**PROBLEM DETAILS:** From the entries below, return exactly the lines beginning at the one that contains "- (t * ln t) - ((1" and ending at the one that contains "Proof. by case=>", both of them included, and only those lines.
------ ENTRIES SHOWN
(* Let $1<p\le2$ and $\varepsilon\in(0,3)$. For all sufficiently large $n$ (depending on $p,\varepsilon$) there exists an approximately convex set $A\subseteq\ell_p^n$ such that $$\mathcal{H}(A,\operatorname{Co}(A))\ge\log_2 n-\varepsilon\qquad\text{and}\qquad\operatorname{diam}(A)\le\frac{25}{\varepsilon}\,n^{(p-1)/p}(\log_2 n)^2 .$$
   Context: $\ell_p^n$ is $\mathbb{R}^n$ with the norm $(\sum|a_i|^p)^{1/p}$. A set $A$ is approximately convex if $d(tx+(1-t)y,A)\le1$ for all $x,y\in A$, $t\in[0,1]$, where $d(x,A)=\inf_{a\in A}\|x-a\|$. $\mathcal{H}$ is the Hausdorff distance, $\operatorname{Co}$ the convex hull, $\operatorname{diam}(A)=\sup\{\|x-y\|:x,y\in A\}$. *)

From HB Require Import structures.
From mathcomp Require Import all_boot all_order all_algebra.
From mathcomp Require Import all_classical all_reals all_analysis.
Set Implicit Arguments. Unset Strict Implicit. Unset Printing Implicit Defensive.
Import Order.TTheory GRing.Theory Num.Theory.
Local Open Scope classical_set_scope.
Local Open Scope ring_scope.

Section Defs.
Variable R : realType.

Definition pnorm (p : R) (n : nat) (x : 'rV[R]_n) : R :=
  (\sum_(i < n) `|x ord0 i| `^ p) `^ (p^-1).

(* d(x,A) = inf_{a in A} ||x - a||, in the extended reals (+oo for empty A) *)
Definition dist_set (p : R) (n : nat) (x : 'rV[R]_n) (A : set 'rV[R]_n) : \bar R :=
  ereal_inf [set (pnorm p (x - a))%:E | a in A].

Definition approx_convex (p : R) (n : nat) (A : set 'rV[R]_n) : Prop :=
  forall x y t, A x -> A y -> 0 <= t <= 1 ->
    (dist_set p (t *: x + (1 - t) *: y) A <= 1%:E)%E.

Definition hausdorff (p : R) (n : nat) (A B : set 'rV[R]_n) : \bar R :=
  maxe (ereal_sup [set dist_set p a B | a in A])
       (ereal_sup [set dist_set p b A | b in B]).

Definition conv_hull (n : nat) (A : set 'rV[R]_n) : set 'rV[R]_n :=
  [set x | exists (k : nat) (w : 'I_k -> R) (a : 'I_k -> 'rV[R]_n),
      (forall i, 0 <= w i) /\ \sum_(i < k) w i = 1 /\
      (forall i, A (a i)) /\ x = \sum_(i < k) w i *: a i].

Definition diam (p : R) (n : nat) (A : set 'rV[R]_n) : \bar R :=
  ereal_sup [set (pnorm p (x - y))%:E | x in A & y in A].

Definition log2 (x : R) : R := ln x / ln 2.

End Defs.

(* Take, in R^(1+m), the set A of points (s, M x) with x a probability vector
   whose entropy, in bits, is at most the height s <= log2 m.  Entropy is
   concave up to one bit, so raising the height of a convex combination by at
   most 1 puts it back into A: A is approximately convex.  The barycenter of the
   vertices (0, M e_i) lies in Co(A), yet a point of A either has height at
   least log2 n - eps or has entropy so low that, by a Pinsker-type inequality,
   its weights are l1-far and then, by a reverse Hoelder inequality, lp-far from
   uniform; the scale M ~ n^((p-1)/p) (log n)^2 / eps makes the second distance
   also at least log2 n - eps.  Heights and weights being bounded, diam A <= 3M. *)

From HB Require Import structures.
From mathcomp Require Import all_boot all_order all_algebra.
From mathcomp Require Import all_classical all_reals all_analysis.
From mathcomp.algebra_tactics Require Import ring lra.
From mathcomp Require Import zify.
Set Implicit Arguments.
Unset Strict Implicit.
Unset Printing Implicit Defensive.
Import Order.TTheory GRing.Theory Num.Theory.
Local Open Scope classical_set_scope.
Local Open Scope ring_scope.

Section LnBounds.
Variable R : realType.
Implicit Types c t y : R.

Lemma ln_le_subr1 y : 0 < y -> ln y <= y - 1.
Proof. by move=> y0; have := @le_ln1Dx R (y - 1); rewrite subrKC; apply; lra. Qed.

Lemma ln2_gt0 : 0 < ln (2 : R).
Proof. by rewrite ln_gt0 // ltr1n. Qed.

Lemma ln2_ge_half : 1 / 2 <= ln (2 : R).
Proof. by have := @ln_le_subr1 (1 / 2) ltac:(by []); rewrite div1r lnV ?posrE //; lra. Qed.

Lemma ln2_le1 : ln (2 : R) <= 1.
Proof. by have := @ln_le_subr1 2 ltac:(by []); lra. Qed.

Lemma mulr_ln_le c y : 0 <= c <= y -> c * ln c <= c * ln y.
Proof.
case/andP; rewrite le_eqVlt => /predU1P[<-|c0] cy; first by rewrite !mul0r.
by rewrite ler_pM2l // ler_ln ?posrE // (lt_le_trans c0).
Qed.

Lemma xlnxM t y : 0 <= t -> 0 <= y ->
  (t * y) * ln (t * y) = t * (y * ln y) + y * (t * ln t).
Proof.
rewrite !le_eqVlt => /predU1P[<-|t0]; first by rewrite !(mulr0, mul0r, addr0, add0r).
move=> /predU1P[<-|y0]; first by rewrite !(mulr0, mul0r, addr0, add0r).
by rewrite lnM ?posrE //; ring.
Qed.

(* Tangent-line bound for [-t ln t] at [t = 1/c]; it comes from [ln (1/(c t)) <= 1/(c t) - 1]. *)
Lemma oppr_xlnx_le c t : 0 < c -> 0 <= t -> - (t * ln t) <= t * ln c + c^-1 - t.
Proof.
move=> c0; rewrite le_eqVlt => /predU1P[<-|t0].
  by rewrite !(mul0r, oppr0, subr0, add0r, addr0) invr_ge0 ltW.
have := @ln_le_subr1 ((c * t)^-1) ltac:(by rewrite invr_gt0 mulr_gt0).
rewrite lnV ?posrE ?mulr_gt0 // lnM ?posrE // => h.
have : t * (- (ln c + ln t)) <= t * ((c * t)^-1 - 1) by rewrite ler_pM2l.
by rewrite invfM mulrBr mulr1 mulrCA mulfV ?gt_eqF // mulr1; lra.
Qed.

Lemma binary_entropy_le_ln2 t : 0 <= t <= 1 ->
  - (t * ln t) - ((1 - t) * ln (1 - t)) <= ln 2.
Proof.
case/andP=> t0 t1.
have := @oppr_xlnx_le 2 t ltac:(by []) t0.
have := @oppr_xlnx_le 2 (1 - t) ltac:(by []) ltac:(by rewrite subr_ge0).
by lra.
Qed.

End LnBounds.

Section Entropy.
Variables (R : realType) (m : nat).
Implicit Types x y : 'I_m -> R.

Definition entropy x : R := - \sum_i x i * ln (x i).

Definition prob_vec x := (forall i, 0 <= x i) /\ \sum_i x i = 1.

Lemma prob_vec_le1 x : prob_vec x -> forall i, x i <= 1.
Proof. by case=> x0 x1 i; rewrite -x1 (bigD1 i) //= lerDl sumr_ge0. Qed.

Lemma entropy_ge0 x : prob_vec x -> 0 <= entropy x.
Proof.
move=> hx; rewrite /entropy oppr_ge0 sumr_le0 // => i _.
by rewrite mulr_ge0_le0 ?hx.1 // ln_le0 // prob_vec_le1.
Qed.

Lemma entropy_le_ln_card x : (0 < m)%N -> prob_vec x -> entropy x <= ln m%:R.
Proof.
move=> m0 [x0 x1]; have mp : 0 < (m%:R : R) by rewrite ltr0n.
have : \sum_i - (x i * ln (x i)) <= \sum_i (x i * ln m%:R + m%:R^-1 - x i).
  by apply: ler_sum => i _; exact: oppr_xlnx_le.
have hm : m%:R^-1 *+ m = 1 :> R by rewrite -(mulr_natr (m%:R^-1) m) mulVf ?gt_eqF.
rewrite !big_split /= -mulr_suml x1 mul1r sumr_const card_ord hm.
by rewrite !sumrN x1 /entropy; lra.
Qed.

(* Entropy is concave up to an additive [ln 2]: the mixing weights [t, 1 - t]
   contribute at most their own binary entropy. *)
Lemma entropy_mix_le x y t : prob_vec x -> prob_vec y -> 0 <= t <= 1 ->
  entropy (fun i => t * x i + (1 - t) * y i) <= t * entropy x + (1 - t) * entropy y + ln 2.
Proof.
move=> [x0 x1] [y0 y1] /[dup] t01 /andP[t0 t1].
have t1' : 0 <= 1 - t by rewrite subr_ge0.
have : \sum_i (t * (x i * ln (x i)) + x i * (t * ln t) +
     ((1 - t) * (y i * ln (y i)) + y i * ((1 - t) * ln (1 - t))))
   <= \sum_i (t * x i + (1 - t) * y i) * ln (t * x i + (1 - t) * y i).
  apply: ler_sum => i _; rewrite -xlnxM // -xlnxM // (mulrDl (t * x i)).
  by apply: lerD; apply: mulr_ln_le; rewrite mulr_ge0 //= ?lerDl ?lerDr mulr_ge0.
rewrite !big_split /= -!mulr_sumr -!mulr_suml x1 y1 !mul1r.
by have := binary_entropy_le_ln2 t01; rewrite /entropy; lra.
Qed.

(* Split [a = 1/m + (a - 1/m)] and bound [ln (m a)] by [m a - 1] on the first
   part and by [ln m] on the second. *)
Lemma mul_ln_card_le (a : R) : (0 < m)%N -> 0 <= a <= 1 ->
  a * ln m%:R + a * ln a <= (1 + ln m%:R) * `|a - m%:R^-1|.
Proof.
move=> m0; have mp : 0 < (m%:R : R) by rewrite ltr0n.
have lm0 : 0 <= ln (m%:R : R) by rewrite ln_ge0 // ler1n.
case/andP; rewrite le_eqVlt => /predU1P[<-|a0] a1.
  by rewrite !mul0r addr0 mulr_ge0 // addr_ge0.
rewrite -mulrDr -lnM ?posrE //.
have [ma1|ma1] := lerP (m%:R * a) 1.
  apply: (@le_trans _ _ 0); last by rewrite mulr_ge0 ?addr_ge0.
  by apply: mulr_ge0_le0; [exact: ltW | exact: ln_le0].
set u := m%:R^-1; set L := ln (m%:R * a).
have um : u * m%:R = 1 by rewrite mulVf ?gt_eqF.
have au : u < a by rewrite -[X in _ < X]mul1r -um -mulrA ltr_pMr ?invr_gt0.
have L_le : L <= m%:R * a - 1 by apply: ln_le_subr1; lra.
have L_le_ln : L <= ln m%:R by rewrite /L ler_ln ?posrE ?mulr_gt0 // ler_piMr // ltW.
have : u * L <= u * (m%:R * a - 1) by rewrite ler_wpM2l // invr_ge0 ltW.
have : (a - u) * L <= (a - u) * ln m%:R by rewrite ler_wpM2l // subr_ge0 ltW.
have -> : a * L = u * L + (a - u) * L by ring.
have -> : u * (m%:R * a - 1) = a - u by rewrite mulrBr mulrA um mul1r mulr1.
by rewrite ger0_norm; [lra | rewrite subr_ge0 ltW].
Qed.

Lemma ln_card_sub_entropy_le x : (0 < m)%N -> prob_vec x ->
  ln m%:R - entropy x <= (1 + ln m%:R) * \sum_i `|x i - m%:R^-1|.
Proof.
move=> m0 /[dup] hx [x0 x1].
have : \sum_i (x i * ln m%:R + x i * ln (x i)) <=
       \sum_i (1 + ln m%:R) * `|x i - m%:R^-1|.
  by apply: ler_sum => i _; rewrite mul_ln_card_le // x0 prob_vec_le1.
by rewrite big_split /= -mulr_suml x1 mul1r -mulr_sumr /entropy; lra.
Qed.

Lemma l1_dist_uniform_gt x L d : (0 < m)%N -> prob_vec x ->
  ln m%:R <= L -> L - ln m%:R <= d / 2 -> entropy x < L - d ->
  d / (2 * (1 + L)) < \sum_i `|x i - m%:R^-1|.
Proof.
move=> m0 hx lmL hL hH.
have lm0 : 0 <= ln (m%:R : R) by rewrite ln_ge0 // ler1n.
have L1 : 0 < 1 + L by lra.
have V0 : 0 <= \sum_i `|x i - m%:R^-1| by rewrite sumr_ge0.
have := ln_card_sub_entropy_le m0 hx.
have : (1 + ln m%:R) * \sum_i `|x i - m%:R^-1| <= (1 + L) * \sum_i `|x i - m%:R^-1|.
  by rewrite ler_wpM2r // lerD2l.
rewrite ltr_pdivrMr ?mulr_gt0 //; lra.
Qed.

End Entropy.
Arguments entropy {R m}.
Arguments prob_vec {R m}.

Section PowR.
Variables (R : realType) (p : R).
Hypothesis p1 : 1 < p.

Let p_gt0 : 0 < p. Proof. exact: lt_trans ltr01 p1. Qed.
(* For $i=1,2$ let $\lambda_i\in\mathbb{C}^*$, $\alpha_i\in\mathbb{C}\setminus\{0\}$, and $h_i=\xi_it+\eta_i\in\mathbb{C}[t]$ with $\xi_i\ne0$. Then $\Omega(\lambda_1,\alpha_1,h_1)\cong\Omega(\lambda_2,\alpha_2,h_2)$ as $\mathrm{Vir}$-modules if and only if $\lambda_1=\lambda_2$ and $\alpha_1\xi_1=\alpha_2\xi_2$; and in that case the isomorphisms are exactly the nonzero scalar multiples of the linear map $\phi$ with $\phi(s^ih_1^n)=s^ig_n(h_2)$ for all $n,i\in\mathbb{Z}_+$, where $g_n(x)=\sum_{i=0}^n\binom{n}{i}b_{n-i}x^i$ and $b_0=1$, $b_1=0$, $b_{i+1}=ib_i+i(\eta_2-\eta_1)b_{i-1}$ for $i\in\mathbb{N}$.
   Context: $\mathrm{Vir}$ is the Lie algebra with basis $\{d_i,c\mid i\in\mathbb{Z}\}$ and brackets $[d_i,d_j]=(j-i)d_{i+j}+\delta_{i,-j}\frac{i^3-i}{12}c$, $[c,d_i]=0$. For $\lambda\in\mathbb{C}^*$, $\alpha\in\mathbb{C}$, $h\in\mathbb{C}[t]$, define operators on $\mathbb{C}[t]$ by $F(f)=\frac{h(t)-h(\alpha)}{t-\alpha}f(t)-f'(t)$ and $G(f)=h(\alpha)f+tF(f)$. The $\mathrm{Vir}$-module $\Omega(\lambda,\alpha,h)$ is the vector space $\mathbb{C}[t,s]$ with $c$ acting as $0$ and $d_m(f(t)s^i)=\lambda^m(s-m)^i\big(sf+mG(f)-m^2\alpha F(f)\big)$ for $m\in\mathbb{Z}$, $i\in\mathbb{Z}_+$, $f\in\mathbb{C}[t]$. *)

(* Complex numbers are modelled as R[i] (mathcomp-real-closed
   `complex`) over an arbitrary R : realType (every realType is the real line). *)
From HB Require Import structures.
From mathcomp Require Import all_boot all_order all_algebra.
From mathcomp Require Import reals complex.
Set Implicit Arguments. Unset Strict Implicit. Unset Printing Implicit Defensive.
Import Order.TTheory GRing.Theory Num.Theory.
Local Open Scope ring_scope.

Section Omega.
Variable R : realType.
Local Notation C := (R[i]).
(* C[t,s] is represented as {poly {poly C}}: outer variable s, coefficients in C[t]. *)
Local Notation V := {poly {poly C}}.

(* F(f) = (h(t)-h(alpha))/(t-alpha) f(t) - f'(t)  (the division is exact) *)
Definition Fop (alpha : C) (h f : {poly C}) : {poly C} :=
  ((h - (h.[alpha])%:P) %/ ('X - alpha%:P)) * f - f^`().

Definition Gop (alpha : C) (h f : {poly C}) : {poly C} :=
  h.[alpha] *: f + 'X * Fop alpha h f.

(* action of d_m on Omega(lambda, alpha, h), extended linearly from
   d_m (f(t) s^i) = lambda^m (s-m)^i (s f + m G(f) - m^2 alpha F(f)) *)
Definition dact (lambda alpha : C) (h : {poly C}) (m : int) (v : V) : V :=
  \sum_(i < size v)
    ((lambda ^ m)%:P%:P *
     (('X - ((m%:~R : C)%:P)%:P) ^+ i *
      ('X * (v`_i)%:P + ((m%:~R : C) *: Gop alpha h v`_i)%:P
       - (((m ^+ 2)%:~R * alpha) *: Fop alpha h v`_i)%:P))).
------------
**FINISHED EXERCISE:**
  - (t * ln t) - ((1 - t) * ln (1 - t)) <= ln 2.
Proof.
case/andP=> t0 t1.
have := @oppr_xlnx_le 2 t ltac:(by []) t0.
have := @oppr_xlnx_le 2 (1 - t) ltac:(by []) ltac:(by rewrite subr_ge0).
by lra.
Qed.

End LnBounds.

Section Entropy.
Variables (R : realType) (m : nat).
Implicit Types x y : 'I_m -> R.

Definition entropy x : R := - \sum_i x i * ln (x i).

Definition prob_vec x := (forall i, 0 <= x i) /\ \sum_i x i = 1.

Lemma prob_vec_le1 x : prob_vec x -> forall i, x i <= 1.
Proof. by case=> x0 x1 i; rewrite -x1 (bigD1 i) //= lerDl sumr_ge0. Qed.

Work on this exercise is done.